When the Montreal Canadiens fired coach Jacques Martin over the weekend, it wasn't a shocking move. The team, floundering in last place in the Northeast Division, needed a shakeup. And while the Canadiens' head-coaching job has long been a revolving door, they weren't even the quickest in the league to send it spinning: Five other NHL teams had already canned their head coaches this season. The biggest surprise of Martin's dismissal was that it hadn't already happened, or that GM Pierre Gauthier hadn't been let go also.
Nor was it particularly unusual to promote an assistant coach to the top job. Plenty of NHL coaches have gotten their big break that way, just as plenty of others have served their temporary roles as placeholder and stepped back down once a flashier or flat-out-better replacement was found.

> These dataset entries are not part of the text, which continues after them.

(* Let $a<b$ and let $f:[a,b]\to\mathbb{R}$ be continuous. Define $$I_f(a,x)=\frac{1}{x-a}\int_a^x f(t)\,\mathrm{d}t\ (a<x\le b),\quad B_f(a,b)=\frac{b-a}{2}\,I_f(a,b),\quad J_f(a,b)=b\,I_f(a,b)-\frac{1}{b-a}\int_a^b t\,f(t)\,\mathrm{d}t.$$ Then there exists $\eta\in(a,b)$ such that $$f(\eta)=I_f(a,\eta)+\frac{6\,[B_f(a,b)-J_f(a,b)]}{(b-a)^2}(\eta-a).$$ *)

From Stdlib Require Import Reals Lra.
From Coquelicot Require Import Coquelicot.
Open Scope R_scope.

Definition If_ (f : R -> R) (a x : R) : R := / (x - a) * RInt f a x.

Definition Bf (f : R -> R) (a b : R) : R := (b - a) / 2 * If_ f a b.

Definition Jf (f : R -> R) (a b : R) : R :=
  b * If_ f a b - / (b - a) * RInt (fun t => t * f t) a b.

Definition cont_on_closed (f : R -> R) (a b : R) : Prop :=
  forall x, a <= x <= b ->
    filterlim f (within (fun y => a <= y <= b) (locally x)) (locally (f x)).

(* Write F(x) = int_a^x f and M(x) = int_a^x t f(t) dt, and let c be the
   constant of the theorem.  The claim says that x |-> F(x)/(x-a) - c(x-a)
   has a critical point in (a,b), so by Rolle it suffices to find xi in (a,b)
   where it takes its value w at b, i.e. a root of F(x) - c(x-a)^2 - w(x-a).
   That polynomial perturbation of F has the primitive
   x F(x) - M(x) - c(x-a)^3/3 - w(x-a)^2/2, which vanishes at a, and the
   definition of c (through B_f - J_f) is exactly what makes it vanish at b;
   a first application of Rolle yields xi. *)

From Stdlib Require Import Reals Lra.
From Coquelicot Require Import Coquelicot.
Open Scope R_scope.

Definition clamp (a b x : R) : R := Rmax a (Rmin b x).

Lemma clamp_in_interval (a b x : R) : a <= b -> a <= clamp a b x <= b.
Proof. intros. unfold clamp, Rmax, Rmin. repeat destruct Rle_dec; lra. Qed.

Lemma clamp_id (a b x : R) : a <= x <= b -> clamp a b x = x.
Proof. intros. unfold clamp, Rmax, Rmin. repeat destruct Rle_dec; lra. Qed.

Lemma clamp_1_lipschitz (a b x y : R) :
  a <= b -> Rabs (clamp a b y - clamp a b x) <= Rabs (y - x).
Proof.
  intros. unfold clamp, Rmax, Rmin.
  repeat destruct Rle_dec; unfold Rabs; repeat destruct Rcase_abs; lra.
Qed.

Lemma continuous_clamp (a b x : R) : a <= b -> continuous (clamp a b) x.
Proof.
  intros Hab. apply filterlim_locally. intros eps. exists eps. intros y Hy.
  exact (Rle_lt_trans _ _ _ (clamp_1_lipschitz a b x y Hab) Hy).
Qed.

Lemma cont_on_closed_extension (f : R -> R) (a b : R) :
  a <= b -> cont_on_closed f a b ->
  exists g : R -> R,
    (forall x, continuous g x) /\ (forall x, a <= x <= b -> g x = f x).
Proof.
  intros Hab Hf. exists (fun y => f (clamp a b y)). split.
  - intros x P HP.
    pose proof (clamp_in_interval a b x Hab) as Hx.
    pose proof (continuous_clamp a b x Hab _ (Hf _ Hx P HP)) as HC.
    unfold filtermap in *. eapply filter_imp; [| exact HC].
    intros y Hy. apply Hy, clamp_in_interval, Hab.
  - intros x Hx. now rewrite clamp_id.
Qed.

Lemma rolle_is_derive (h dh : R -> R) (l r : R) :
  l < r -> (forall x, l <= x <= r -> is_derive h x (dh x)) -> h l = h r ->
  exists c, l < c < r /\ dh c = 0.
Proof.
  intros Hlr Hd Heq.
  assert (pr : forall x, l < x < r -> derivable_pt h x).
  { intros x Hx. apply ex_derive_Reals_0. exists (dh x). apply Hd. lra. }
  destruct (Rolle h l r pr) as [c [Pc Hc]]; auto.
  - intros x Hx. apply derivable_continuous_pt, ex_derive_Reals_0.
    exists (dh x). apply Hd. lra.
  - exists c. split; auto. rewrite Derive_Reals in Hc.
    now rewrite (is_derive_unique _ _ _ (Hd c ltac:(lra))) in Hc.
Qed.

Section Integral_mean.

Variables (g : R -> R) (a : R).
Hypothesis g_cont : forall x, continuous g x.

Lemma is_derive_RInt_continuous (h : R -> R) (x : R) :
  (forall y, continuous h y) -> is_derive (RInt h a) x (h x).
Proof.
  intros Hh. apply (is_derive_RInt h _ a); [| apply Hh].
  apply filter_forall. intros y. apply (RInt_correct h a y), ex_RInt_continuous.
  intros; apply Hh.
Qed.

Lemma is_derive_RInt_g (x : R) : is_derive (RInt g a) x (g x).
Proof. exact (is_derive_RInt_continuous g x g_cont). Qed.

Lemma is_derive_RInt_first_moment (x : R) :
  is_derive (RInt (fun t => t * g t) a) x (x * g x).
Proof.
  apply (is_derive_RInt_continuous (fun t => t * g t)). intros y.
  apply (continuous_mult (fun t => t) g); [apply continuous_id | apply g_cont].
Qed.

Lemma is_derive_iterated_RInt (x : R) :
  is_derive (fun x => x * RInt g a x - RInt (fun t => t * g t) a x) x
    (RInt g a x).
Proof.
  pose proof (is_derive_RInt_g x) as HF.
  pose proof (is_derive_RInt_first_moment x) as HM.
  set (F := RInt g a) in *. set (M := RInt (fun t => t * g t) a) in *.
  auto_derive.
  - repeat split; [now exists (g x) | now exists (x * g x)].
  - rewrite (is_derive_unique (fun y : R => F y) _ _ HF),
      (is_derive_unique (fun y : R => M y) _ _ HM).
    ring.
Qed.

Lemma exists_RInt_eq_quadratic (b c w : R) :
  a < b ->
  b * RInt g a b - RInt (fun t => t * g t) a b
    = c * (b - a) ^ 3 / 3 + w * (b - a) ^ 2 / 2 ->
  exists xi, a < xi < b /\ RInt g a xi = c * (xi - a) ^ 2 + w * (xi - a).
Proof.
  intros Hab Hb.
  set (V := fun x => x * RInt g a x - RInt (fun t => t * g t) a x).
  destruct (rolle_is_derive
    (fun x => V x - c * (x - a) ^ 3 / 3 - w * (x - a) ^ 2 / 2)
    (fun x => RInt g a x - c * (x - a) ^ 2 - w * (x - a)) a b Hab)
    as [xi [Hxi Exi]].
  - intros x _. pose proof (is_derive_iterated_RInt x) as HV.
    auto_derive; [now exists (RInt g a x) |].
    rewrite (is_derive_unique (fun y : R => V y) _ _ HV). field.
  - unfold V. rewrite !RInt_point, Hb. change (zero : R) with 0. field.
  - exists xi. split; [exact Hxi | lra].
Qed.

Lemma exists_mean_point (xi b c : R) :
  a < xi < b ->
  RInt g a xi / (xi - a) - c * (xi - a) = RInt g a b / (b - a) - c * (b - a) ->
  exists eta, xi < eta < b /\ g eta = RInt g a eta / (eta - a) + c * (eta - a).
Proof.
  intros Hxi Heq.
  destruct (rolle_is_derive (fun x => RInt g a x / (x - a) - c * (x - a))
    (fun x => (g x * (x - a) - RInt g a x) / (x - a) ^ 2 - c) xi b)
    as [eta [Heta Eeta]]; [lra | | exact Heq |].
  - intros x Hx. pose proof (is_derive_RInt_g x) as HF.
    set (F := RInt g a) in *.
    auto_derive; [repeat split; [now exists (g x) | lra] |].
    rewrite (is_derive_unique (fun y : R => F y) _ _ HF). field. lra.
  - exists eta. split; [lra |].
    assert (Hc : c = (g eta * (eta - a) - RInt g a eta) / (eta - a) ^ 2) by lra.
    rewrite Hc. field. lra.
Qed.

Theorem exists_point_average_plus_linear (b : R) :
  a < b ->
  let c := 6 * ((b - a) / 2 * RInt g a b - b * RInt g a b
                + RInt (fun t => t * g t) a b) / (b - a) ^ 3 in
  exists eta, a < eta < b /\
    g eta = RInt g a eta / (eta - a) + c * (eta - a).
Proof.
  intros Hab c.
  set (w := RInt g a b / (b - a) - c * (b - a)).
  destruct (exists_RInt_eq_quadratic b c w Hab) as [xi [Hxi Exi]].
  { unfold w, c. field. lra. }
  destruct (exists_mean_point xi b c Hxi) as [eta [Heta Eeta]].
  { fold w. rewrite Exi. field. lra. }
  exists eta. split; [lra | exact Eeta].
Qed.

End Integral_mean.

Lemma RInt_ext_closed (f g : R -> R) (a x : R) :
  a <= x -> (forall t, a <= t <= x -> g t = f t) -> RInt g a x = RInt f a x.
Proof.
  intros Hax Hgf. apply RInt_ext. intros t Ht.
  rewrite Rmin_left in Ht by lra. rewrite Rmax_right in Ht by lra.
  apply Hgf. lra.
Qed.

Theorem mainTheorem8 (a b : R) (f : R -> R) :
  a < b -> cont_on_closed f a b ->
  exists eta : R, a < eta < b /\
    f eta = If_ f a eta + 6 * (Bf f a b - Jf f a b) / (b - a) ^ 2 * (eta - a).
Proof.
  intros Hab Hf.
  destruct (cont_on_closed_extension f a b (Rlt_le _ _ Hab) Hf)
    as [g [Hg Hgf]].
  assert (RInt_gf : forall x, a <= x <= b -> RInt g a x = RInt f a x).
  { intros x Hx. apply RInt_ext_closed; [lra | intros t Ht; apply Hgf; lra]. }
  assert (RInt_moment_gf :
    RInt (fun t => t * g t) a b = RInt (fun t => t * f t) a b).
  { apply RInt_ext_closed; [lra | intros t Ht; now rewrite Hgf]. }
  destruct (exists_point_average_plus_linear g a Hg b Hab) as [eta [Heta Eeta]].
  exists eta. split; [exact Heta |].
  rewrite <- Hgf, Eeta by lra.
  unfold Bf, Jf, If_.
  rewrite RInt_moment_gf, !RInt_gf; try lra.
  field. lra.
Qed.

But when the Canadiens announced that an assistant coach would be filling the void on an interim basis, the reaction in and around some parts of Montreal was trés scandalisé. That's because Randy Cunneyworth ne parle pas Français.
"Montreal Canadiens owner Geoff Molson is seeking to soothe tensions in the city after hiring a unilingual anglophone head coach," announced CTV, gravely.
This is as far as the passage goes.